Offer indexed data sets. These enable rapid search, retrieval, and query of the data.
Provide 24/7 operations and accessibility. OLTP databases process huge numbers of concurrent transactions, and often critical transactions (financial, for example). This means that any downtime can result in significant, costly repercussions to the business and its customers. There must be a complete data backup that is available at any moment in time. Hence, OLTP databases require frequent, regular backups, as well as constant incremental backups.

File / Object Storage

These are storage systems that retain every type of data that a business uses for ongoing operations. Let’s see what each type is and the difference between them.

File Storage

File storage is what we all have on our laptops. It is a hierarchical model where the data is stored in files, and the files are organized in folders. The folders themselves are organized in a hierarchy of directories and subdirectories. If you want to find a file, you need to know the exact file and the path to get to it. This means starting from the main directory and getting to the specific subdirectory (folder) where the file is located.

The File storage model is used for our computer hard drives, and also for network-attached storage (NAS) devices. This hierarchical model works well when you have easily organized amounts of structured data. Structured data means that the data is in a standardized format and has a well-defined schema. For example, all my Excel files with annual projections; or all the Word files with customer success stories.

The key issue with File storage is that when the number of files grows, finding a file and retrieving it can become cumbersome and time-consuming. To scale a file storage system, we need to add more hardware devices or replace our existing hardware with higher-capacity drives (disks) – both options are costly.

One way of mitigating the scaling and performance issues is to use cloud-based file storage services. Some well-known cloud-based file services include Google Drive, Microsoft OneDrive, Apple iCloud Drive, IDrive, Dropbox, Box, and more. These services allow multiple users to access and share the same file, located in the cloud. These services typically work on an OpEx model, where you pay a monthly fee for the amount of storage you need. If you need more space, you can easily scale up for a small amount without heavy upfront investments. You can also have several tiers of payment, based on criteria like performance and protection – according to your needs.

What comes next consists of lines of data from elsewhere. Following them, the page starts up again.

(* Let $q=2p$ with $p$ an odd prime. Consider the map $\mathcal S$ sending a pair of integers $(q_1,q_2)$ with $q_1,q_2,q_1+q_2,q_1-q_2$ all $\not\equiv0\pmod q$ to $\mathcal S(q_1,q_2)=(\psi(q_1,q_2),\alpha(q_1,q_2),\beta(q_1,q_2))$. Then $\mathcal S$ takes at most $6$ distinct values.
   Context: Let $\gamma=e^{2\pi i/q}$. Let $A$ be the set of residues in $\{1,\dots,q-1\}$ coprime to $q$, $B=\{2,4,\dots,2(p-1)\}$ and $C=\{p\}$. For $S\subset\{1,\dots,q-1\}$ put $\Pi_S(q_1,q_2)(z)=\sum_{l\in S}\prod_{i=1}^{2}(z-\gamma^{q_il})(z-\gamma^{-q_il})$; then $\psi=\Pi_A$, $\alpha=\Pi_B$, $\beta=\Pi_C$. *)

From HB Require Import structures.
From mathcomp Require Import all_boot all_order all_algebra all_field.
Set Implicit Arguments. Unset Strict Implicit. Unset Printing Implicit Defensive.
Import Order.TTheory GRing.Theory Num.Theory.
Local Open Scope ring_scope.

(* gamma = exp(2 pi i / q) with q = 2p, i.e. exp(i pi / p): the principal
   p-th root of -1 in algC (minimal nonnegative argument). *)
Definition gam (p : nat) : algC := p.-root (-1).

Definition PiS (p : nat) (S : seq nat) (q1 q2 : int) : {poly algC} :=
  \sum_(l <- S) \prod_(qi <- [:: q1; q2])
     (('X - (gam p ^ (qi * l%:Z))%:P) * ('X - (gam p ^ (- (qi * l%:Z)))%:P)).

Definition setA (p : nat) : seq nat := [seq l <- iota 1 (2 * p - 1) | coprime l (2 * p)].
Definition setB (p : nat) : seq nat := [seq (2 * k)%N | k <- iota 1 (p - 1)].
Definition setC (p : nat) : seq nat := [:: p].

Definition psi p q1 q2 := PiS p (setA p) q1 q2.
Definition alpha p q1 q2 := PiS p (setB p) q1 q2.
Definition beta p q1 q2 := PiS p (setC p) q1 q2.

Definition Smap (p : nat) (q1 q2 : int) : {poly algC} * {poly algC} * {poly algC} :=
  (psi p q1 q2, alpha p q1 q2, beta p q1 q2).

From Pilot Require Import Defs.
From HB Require Import structures.
From mathcomp Require Import all_boot all_order all_algebra all_field.
From mathcomp Require Import ring.
Import Order.TTheory GRing.Theory Num.Theory.
Local Open Scope ring_scope.

(* Write Y = z^2 + 1 and C(m) = gamma^m + gamma^-m.  Each factor pair of Pi_S
   is (z - a)(z - a^-1) = Y - (a + a^-1) z, and C(m) C(n) = C(m + n) + C(m - n),
   so Pi_S(q1, q2) = |S| Y^2 - (T(q1) + T(q2)) z Y + (T(q1 + q2) + T(q1 - q2)) z^2
   with T(m) = sum_{l in S} C(m l)  (PiS_quadPi).
   Since gamma is a primitive 2p-th root of unity, for m not divisible by 2p the
   power sums sum_{l in S} (gamma^m)^l over S = A, B, C are geometric sums whose
   value only depends on the class of m, i.e. on whether 2 | m and whether p | m
   (gam_sum_setA/B/C); hence S(q1, q2) only depends on the classes of q1, q2,
   q1 + q2, q1 - q2, and symmetrically in each pair (Smap_cls, Sval_swaps).
   Parity and divisibility by p constrain these four classes to six patterns up
   to symmetry (cls4_pattern), which gives the six values. *)

(* An element w with w ^+ p = -1, p a prime, w <> -1, in a domain of
   characteristic <> 2 is a primitive 2p-th root of unity: its order divides
   2p but divides neither p (w ^+ p <> 1) nor 2 (w <> 1, w <> -1). *)
Lemma prim_root_of_exprN1 (R : idomainType) (p : nat) (w : R) :
  prime p -> (-1 : R) != 1 -> w ^+ p = -1 -> w != -1 ->
  (2 * p)%N.-primitive_root w.
Proof.
move=> pr_p N1_neq1 wp wN1; have p_gt0 := prime_gt0 pr_p.
have w2p : w ^+ (2 * p) = 1 by rewrite mulnC exprM wp sqrrN expr1n.
have [m prim_m m_dvd] :=
  prim_order_exists (n := (2 * p)%N) (ltac:(by rewrite muln_gt0 p_gt0)) w2p.
have m_ndvd_p : ~~ (m %| p)%N by rewrite (prim_order_dvd prim_m) wp.
have m_ndvd_2 : ~~ (m %| 2)%N.
  rewrite (prim_order_dvd prim_m) sqrf_eq1 (negPf wN1) orbF.
  by apply: contraNneq N1_neq1 => w1; rewrite -wp w1 expr1n.
have p_dvd_m : (p %| m)%N.
  apply: contraR m_ndvd_2 => p_ndvd_m.
  by rewrite -(@Gauss_dvdl _ _ p) 1?coprime_sym ?prime_coprime.
have [k def_m] := dvdnP p_dvd_m; move: m_dvd m_ndvd_p prim_m.
rewrite def_m dvdn_pmul2r // => k_dvd_2.
have [->|k_ne2] := eqVneq k 2; first by rewrite mulnC.
suff -> : k = 1%N by rewrite mul1n dvdnn.
by case: k k_dvd_2 k_ne2 {def_m} => [|[|[|k]]].
Qed.

Lemma prim_exprz_eq1 (R : unitRingType) (n : nat) (w : R) (z : int) :
  n.-primitive_root w -> (w ^ z == 1) = (n%:Z %| z)%Z.
Proof.
move=> prim_w; case: z => k; first by rewrite -exprnP dvdzE (prim_order_dvd prim_w).
by rewrite NegzE -invr_expz invr_eq1 -exprnP dvdzE abszN (prim_order_dvd prim_w).
Qed.

Lemma gam_exprp {p : nat} : (0 < p)%N -> gam p ^+ p = -1.
Proof. by move=> p_gt0; rewrite /gam rootCK. Qed.

Lemma gam_neq0 {p : nat} : (0 < p)%N -> gam p != 0.
Proof.
move=> p_gt0; apply/eqP => g0; move: (gam_exprp p_gt0) => /eqP.
by rewrite g0 expr0n gtn_eqF // eq_sym oppr_eq0 oner_eq0.
Qed.

(* gamma = exp(i pi / p) is a primitive 2p-th root of unity (it is not -1,
   being the root of -1 with minimal nonnegative argument). *)
Lemma gam_prim (p : nat) : prime p -> (2 * p)%N.-primitive_root (gam p).
Proof.
move=> pr_p; apply: prim_root_of_exprN1 => //.
- by rewrite lt_eqF // (lt_trans (ltrN10 _) ltr01).
- exact/gam_exprp/prime_gt0.
apply/eqP => gN1; have := rootC_lt0 (-1 : algC) (prime_gt1 pr_p).
by rewrite -/(gam p) gN1 ltrN10.
Qed.

Lemma gamz_eq1 (p : nat) (z : int) :
  prime p -> (gam p ^ z == 1) = ((2 * p)%:Z %| z)%Z.
Proof. by move=> pr_p; apply/prim_exprz_eq1/gam_prim. Qed.

Lemma geom_sum_root (R : idomainType) (w : R) (n : nat) :
  w ^+ n = 1 -> w != 1 -> \sum_(0 <= k < n) w ^+ k = 0.
Proof.
move=> wn w_ne1; apply/eqP; move: (subrX1 w n); rewrite wn subrr big_mkord.
by move/esym/eqP; rewrite mulf_eq0 subr_eq0 (negPf w_ne1).
Qed.

Lemma sum_odd_powers (R : pzSemiRingType) (u : R) (n : nat) :
  \sum_(0 <= l < 2 * n | odd l) u ^+ l = u * \sum_(0 <= j < n) (u ^+ 2) ^+ j.
Proof.
elim: n => [|n IH]; first by rewrite muln0 !big_geq // mulr0.
rewrite big_mkcond mulnSr addn2 !big_nat_recr //= -big_mkcond IH.
by rewrite oddM /= addr0 mulrDr -exprM -exprS.
Qed.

Such a service, also known as Infrastructure-as-a-Services (IaaS), allows you more flexibility and agility. It also eliminates your big, up-front CapEx expenses, which include but are not limited to maintaining your own on-premises datacenter, and upfront purchases of the storage hardware you need. With cloud-based storage, all these CapEx expenses are gone.

Object Storage

Object storage is used to store huge, unprecedented amounts of unstructured data. Unstructured refers to datasets – large collections of files – that are not arranged according to a pre-set data model or schema. Because of that, unstructured data cannot be stored in a traditional relational database (RDBMS). An OLTP database, which we discussed earlier, is the predominant use case for an RDBMS.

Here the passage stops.